The old adage that you need a car in Los Angeles is, for the most part, true. But if you’d rather save on gas money, be eco-friendly or just want to burn the occasional calorie, there are plenty of alternative methods of getting around L.A.
Renting a Car
If you’re just making a short trip to Los Angeles, you’ll get the most flexibility and convenience by renting a car. Most of the major car rental companies take online reservations, which means you can quickly pick up your car at the airport or from dozens of locations around town. We recommend major car rental companies like Enterprise, Fox and Thrifty. To compare rates across companies and get the best deal, try a major travel site like Orbitz or Expedia.
Planning to stay a while or move to Los Angeles? The best way to navigate L.A. by car is with the Thomas Guide, a detailed driving atlas with an index of thousands upon thousands of addresses.
Here are some additional tips on driving in Los Angeles:
- In many neighborhoods, street parking is by permit only — read the signs very carefully or risk getting a ticket.
- Some parts of L.A. have alleys which provide convenient shortcuts between side streets.
- Because parking lots are a rarity, expect to valet park your car at most restaurants and nightclubs. Valet fees run between $3 and $10 depending on where you’re going.
- Almost all major intersections have motion-sensitive cameras to catch cars that run red lights.
- On some busy streets, it’s illegal to make a left during rush hours, typically 7-9 am and 4-7 pm. Look for posted signs before turning left during peak traffic hours.
Metro Bus and Other Area Buses
The Los Angeles Metropolitan Transit Authority (MTA or Metro) runs buses throughout all of the L.A. area. If you have some extra planning time, traveling by bus is a cheap and eco-friendly way to get around the city. And if you’re planning to bike part of the way, you can store your bicycle on the front of city buses. You can plan your trip by entering your starting and ending locations on the LA Metro website.
Some incorporated cities offer their own public transportation systems; check the West Hollywood and Santa Monica websites for bus schedules and fares.
Biking in Los Angeles
Some of L.A.’s streets have bicycle lanes, which make biking around the city an option, depending on the area. Los Angeles also has a “Bicycle Plan” that continually expands the number of streets with these additional lanes. For information on biking in Los Angeles, including routes, visit the BicycleLA.org website.
L.A. Metro Rail
If you’re staying on the outer skirts of Los Angeles, or want a fast way to get across town without a car, there are several trains available to you. The Blue, Green, Red and Gold metro lines provide access to Los Angeles, Long Beach, Pasadena, Redondo Beach, and Hollywood. Visit the LA Metro website for fares, schedules and a handy trip planner.
Walking in Los Angeles
Depending on what part of town you’re in, walking in Los Angeles is not the extinct activity it’s fabled to be.

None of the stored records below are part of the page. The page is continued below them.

(* Let $OG(e,2e)$ be (one component of) the variety of $e$-dimensional isotropic subspaces of $\mathbb C^{2e}$ equipped with a nondegenerate symmetric form, and let $U,V,W\in OG(e,2e)$ be pairwise in general position, i.e. pairwise intersecting trivially (which forces $e=2d$ to be even). Then there is a unique morphism $f\colon\mathbb P^1\to OG(e,2e)$ of degree $d$ with $f(0)=U$, $f(1)=V$, $f(\infty)=W$.
   Context: The degree of $f\colon\mathbb P^1\to OG(e,2e)$ is $\int f_*[\mathbb P^1]\cdot\tau_1$, where $\tau_1$ is the class of the Schubert divisor of $OG(e,2e)$ (the ample generator of its Picard group). Under the embedding $OG(e,2e)\subset G(e,2e)$ degrees double: a degree $d$ map to $OG$ has degree $2d$ as a map to $G(e,2e)$. *)

From HB Require Import structures.
From mathcomp Require Import all_boot all_order all_algebra.
From mathcomp Require Import Rstruct complex.
Set Implicit Arguments. Unset Strict Implicit. Unset Printing Implicit Defensive.
Import Order.TTheory GRing.Theory Num.Theory.
Local Open Scope ring_scope.

Definition C : numClosedFieldType := (Rdefinitions.R)[i].

(* A subspace of C^n of dimension e is represented by an e x n matrix whose
   rows form a basis (row space, mxalgebra). *)

Definition nondeg_symmetric (n : nat) (Q : 'M[C]_n) : bool :=
  (Q^T == Q) && (Q \in unitmx).

Definition isotropic_of_dim (e n : nat) (Q : 'M[C]_n) (A : 'M[C]_(e, n)) : bool :=
  (\rank A == e) && (A *m Q *m A^T == 0).

Definition hform_eval (D : nat) (c : 'I_D.+1 -> C) (s t : C) : C :=
  \sum_(k < D.+1) c k * s ^+ k * t ^+ (D - k).

(* Plücker-type coordinates of B : 'M_(e,n): the e x e minors on the
   column tuples sigma (all tuples; strictly increasing ones are the usual
   Plücker coordinates, the others are 0 or +- those). *)
Definition minor (e n : nat) (sigma : {ffun 'I_e -> 'I_n}) (B : 'M[C]_(e, n)) : C :=
  \det (colsub sigma B).

(* A point of P^1 is [s : t] with (s,t) <> (0,0).  A map f : P^1 -> OG(e,n)
   (n = 2e) is given by f s t : 'M_(e,n), whose row space is the image
   subspace.  It is a morphism whose composite with the Plücker embedding of
   the Grassmannian G(e,n) has degree D iff there are binary forms p_sigma of
   degree D without common zero on P^1 such that, at every point, the
   Plücker coordinates of f [s:t] are (p_sigma(s,t))_sigma (projectively). *)
Definition OG_morphism_of_Gdeg (e n : nat) (Q : 'M[C]_n) (D : nat)
  (f : C -> C -> 'M[C]_(e, n)) : Prop :=
  (forall s t, (s, t) != (0, 0) -> isotropic_of_dim Q (f s t)) /\
  exists p : {ffun 'I_e -> 'I_n} -> 'I_D.+1 -> C,
    (forall s t, (s, t) != (0, 0) ->
        exists sigma, hform_eval (p sigma) s t != 0) /\
    (forall s t, (s, t) != (0, 0) ->
        exists B : 'M[C]_(e, n), (B == f s t)%MS /\
          forall sigma, minor sigma B = hform_eval (p sigma) s t).
Lemma small_singleton (X : Type) (b : X) : small K (fun z => z = b).
Proof.
  destruct hK as [[g Hg] _]. split.
  - exists (fun _ => g 0). intros [x px] [y py] _. subst. reflexivity.
  - intros [h Hh].
    assert (E : h (g 0) = h (g 1)).
    { destruct (h (g 0)) as [x px], (h (g 1)) as [y py]. subst. reflexivity. }
    apply Hh, Hg in E. discriminate.
Qed.

Lemma lt_card_bool : lt_card bool K.
Proof.
  destruct hK as [[g Hg] _]. split.
  - exists (fun b : bool => if b then g 0 else g 1).
    intros [|] [|] E; auto; apply Hg in E; discriminate.
  - intros [h Hh].
    assert (Hne : forall m n, h (g m) = h (g n) -> m = n) by (intros m n E; apply Hg, Hh, E).
    destruct (h (g 0)) eqn:E0, (h (g 1)) eqn:E1, (h (g 2)) eqn:E2;
      first [ discriminate (Hne 0 1 (eq_trans E0 (eq_sym E1)))
            | discriminate (Hne 0 2 (eq_trans E0 (eq_sym E2)))
            | discriminate (Hne 1 2 (eq_trans E1 (eq_sym E2))) ].
Qed.

Lemma small_image (A X : Type) (S : A -> Prop) (f : A -> X) :
  small K S -> small K (fun y => exists p, S p /\ y = f p).
Proof.
  intros HS.
  pose proof (proj2 hK X {p | S p} (fun i y => y = f (proj1_sig i)) HS
    (fun i => small_singleton (f (proj1_sig i)))) as Hunion.
  apply (small_sub _ Hunion). intros y [p [Hp ->]]. exists (exist _ p Hp). reflexivity.
Qed.

Lemma small_pair (X : Type) (x y : X) : small K (fun z => z = x \/ z = y).
Proof.
  pose proof (proj2 hK X bool (fun (b : bool) z => z = if b then x else y) lt_card_bool
    (fun b => small_singleton _)) as Hunion.
  apply (small_sub _ Hunion). intros z [-> | ->]; [exists true | exists false]; reflexivity.
Qed.

Lemma small_proj1 (X Y : Type) (T : X * Y -> Prop) :
  small K T -> small K (fun x => exists y, T (x, y)).
Proof.
  intros HT. apply (small_sub _ (small_image fst HT)).
  intros x [y Hy]. exists (x, y). auto.
Qed.

Lemma small_proj2 (X Y : Type) (T : X * Y -> Prop) :
  small K T -> small K (fun y => exists x, T (x, y)).
Proof.
  intros HT. apply (small_sub _ (small_image snd HT)).
  intros y [x Hx]. exists (x, y). auto.
Qed.

End Cardinality.

Section Frame.
Variables (K : Type) (L : kFrame K).
Implicit Types (a b c s u v w x y z : L) (S J I : L -> Prop).

Lemma meet_le_l x y : le (meet x y) x.
Proof. exact (proj1 (proj1 (meet_glb L x y _) (le_refl L _))). Qed.

Lemma meet_le_r x y : le (meet x y) y.
Proof. exact (proj2 (proj1 (meet_glb L x y _) (le_refl L _))). Qed.

Lemma le_meet {z x y} : le z x -> le z y -> le z (meet x y).
Proof. intros; apply (meet_glb L); auto. Qed.

Lemma le_bot {x} : le x bot -> x = bot.
Proof. intros H. apply (le_antisym L _ _ H), bot_le. Qed.

Lemma meet_mono_l {x x'} y : le x x' -> le (meet x y) (meet x' y).
Proof. intros H. apply le_meet; [apply (le_trans L _ x), H; apply meet_le_l | apply meet_le_r]. Qed.

Lemma meetC x y : meet x y = meet y x.
Proof. apply (le_antisym L); apply le_meet; apply meet_le_r || apply meet_le_l. Qed.

Lemma meetA x y z : meet x (meet y z) = meet (meet x y) z.
Proof.
  apply (le_antisym L); repeat apply le_meet;
    solve [ apply meet_le_l | apply meet_le_r
          | apply (le_trans L _ _ _ (meet_le_r _ _)); apply meet_le_l || apply meet_le_r
          | apply (le_trans L _ _ _ (meet_le_l _ _)); apply meet_le_l || apply meet_le_r ].
Qed.

Lemma meetCA x y z : meet x (meet y z) = meet y (meet x z).
Proof. rewrite !meetA, (meetC x y). reflexivity. Qed.

Lemma meetxx x : meet x x = x.
Proof. apply (le_antisym L); [apply meet_le_l | apply le_meet; apply le_refl]. Qed.

Lemma meet0x x : meet bot x = bot.
Proof. apply le_bot, meet_le_l. Qed.

Lemma meetTx x : meet top x = x.
Proof. apply (le_antisym L); [apply meet_le_r | apply le_meet; [apply le_top | apply le_refl]]. Qed.

Lemma meet_eq_bot_le {x x' y} : le x x' -> meet x' y = bot -> meet x y = bot.
Proof. intros Hx E. apply le_bot. rewrite <- E. apply meet_mono_l, Hx. Qed.

Lemma sup_ub S {s} : small K S -> S s -> le s (sup S).
Proof. intros HS Hs. exact (proj1 (sup_lub L HS (sup S)) (le_refl L _) s Hs). Qed.

Lemma sup_least S z : small K S -> (forall s, S s -> le s z) -> le (sup S) z.
Proof. intros HS H. exact (proj2 (sup_lub L HS z) H). Qed.

Lemma sup_ext S S' : (forall x, S x <-> S' x) -> sup S = sup S'.
Proof.
  intros H. f_equal. apply functional_extensionality. intro x.
  apply propositional_extensionality, H.
Qed.

Definition join x y : L := sup (fun z => z = x \/ z = y).

Hypothesis hK : regular_cardinal K.

Lemma join_bot_r x : join x bot = x.
Proof.
  apply (le_antisym L).
  - apply sup_least; [apply small_pair, hK|].
    intros s [-> | ->]; [apply (le_refl L) | apply (bot_le L)].
  - apply sup_ub; [apply small_pair, hK | auto].
Qed.

Lemma kideal_meet_sup I S x : kideal I -> small K S ->
  (I (meet (sup S) x) <-> forall s, S s -> I (meet s x)).
Proof.
  intros [Idown Isup] HS. split.
  - intros H s Hs. apply (Idown _ _ (meet_mono_l x (sup_ub HS Hs)) H).
  - intros H. rewrite meetC, (frame_distr L x HS).
    assert (HT : small K (fun y => exists s, S s /\ y = meet x s)) by (apply small_image; auto).
    destruct (Isup _ HT) as [m [Im Hm]].
    { intros y [s [Hs ->]]. rewrite meetC. auto. }
    apply (Idown _ m); [apply sup_least|]; auto.
Qed.

Lemma kideal_bot : kideal (fun z : L => z = bot).
Proof.
  split.
  - intros x y Hxy ->. apply le_bot, Hxy.
  - intros S _ HS. exists bot. split; [reflexivity|].
    intros s Hs. rewrite (HS s Hs). apply (le_refl L).
Qed.

Lemma meet_sup_eq_bot S x : small K S ->
  (meet (sup S) x = bot <-> forall s, S s -> meet s x = bot).
Proof. apply (kideal_meet_sup x kideal_bot). Qed.

Lemma meet_join_eq_bot x y z :
  meet (join x y) z = bot <-> meet x z = bot /\ meet y z = bot.
Proof.
  unfold join. rewrite meet_sup_eq_bot by (apply small_pair, hK). split.
  - intros H; split; apply H; auto.
  - intros [Hx Hy] s [-> | ->]; auto.
Qed.

Definition orth J : L -> Prop := fun x => forall y, J y -> meet x y = bot.

Definition ann a : L -> Prop := fun x => meet a x = bot.

Lemma kideal_orth J : kideal (orth J).
Proof.
  split.
  - intros x x' Hx Hx' y Hy. apply (meet_eq_bot_le Hx), Hx', Hy.
  - intros S HS HSJ. exists (sup S). split.
    + intros y Hy. apply meet_sup_eq_bot; auto. intros s Hs. apply HSJ; auto.
    + intros s Hs. apply sup_ub; auto.
Qed.

Lemma pcompl_orth J : (forall x y, le x y -> J y -> J x) -> pcompl J = orth J.
Proof.
  intros Jdown. apply functional_extensionality. intro x.
  apply propositional_extensionality. split.
  - intros [I [[Idown _] [HIJ Ix]]] y Jy.
    apply HIJ; [apply (Idown _ _ (meet_le_l x y) Ix) | apply (Jdown _ _ (meet_le_r x y) Jy)].
  - intros Hx. exists (orth J). split; [apply kideal_orth|]. split; [|exact Hx].
    intros y Hy Jy. rewrite <- (meetxx y). apply Hy, Jy.
Qed.

Lemma orth_down a : orth (down a) = ann a.
Proof.
  apply functional_extensionality. intro x. apply propositional_extensionality.
  unfold orth, ann, down. split.
  - intros H. rewrite meetC. apply H, le_refl.
  - intros H y Hy. rewrite meetC. apply (meet_eq_bot_le Hy), H.
Qed.

Lemma pcompl2_down a : pcompl (pcompl (down a)) = orth (ann a).
Proof.
  rewrite (pcompl_orth (down a)) by (intros x y Hxy Hy; apply (le_trans L _ y); auto).
  rewrite orth_down. apply pcompl_orth.
  intros x y Hxy Hy. unfold ann. rewrite meetC. apply (meet_eq_bot_le Hxy).
  rewrite meetC. exact Hy.
Qed.

Lemma phiE a : phi a = partial (orth (ann a)).
Proof. unfold phi. rewrite pcompl2_down. reflexivity. Qed.

Lemma partial_congruence I : kideal I -> congruence (partial I).
Proof.
  intros HI. unfold congruence, partial.
  split; [|split; [|split; [|split; [|split; [|split]]]]].
  - intros; reflexivity.
  - intros b c H x. symmetry. apply H.
  - intros b c d H1 H2 x. rewrite H1. apply H2.
  - intros; reflexivity.
  - intros; reflexivity.
  - intros b c d e H1 H2 x.
    rewrite <- !meetA, H1, (meetCA c), H2, (meetCA e). reflexivity.
  - intros T HT HTI x.
    rewrite !(kideal_meet_sup x HI) by (apply small_proj1 || apply small_proj2; auto).
    split.
    + intros H t [s Hst]. apply (HTI _ Hst), H. exists t. exact Hst.
    + intros H s [t Hst]. apply (HTI _ Hst), H. exists s. exact Hst.
Qed.

Lemma phi_congruence a : congruence (phi a).
Proof. rewrite phiE. apply partial_congruence, kideal_orth. Qed.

Neighborhoods good for walking include Santa Monica, West Hollywood, Venice, Westwood, Pacific Palisades, Culver City, Hollywood and Beverly Hills. More than likely, if you’re staying in a hotel that’s located in an urban area of L.A., you’ll find restaurants, coffee houses, shops and maybe even movie theatres within strolling distance.
Taking a Taxi
When it comes to taxis, Los Angeles is not like New York. Because L.A. is sprawling and decentralized, you won’t find cabs waiting at every corner, or even driving by regularly. If you need a cab, have your hotel call one for you, or stop in any nearby business or restaurant and ask for the number to a local taxicab company. Be advised: Cabbies in L.A. rarely have the atlas knowledge that NYC drivers have – it’s best to know generally how to get where you’re going if you’ll be taking a cab.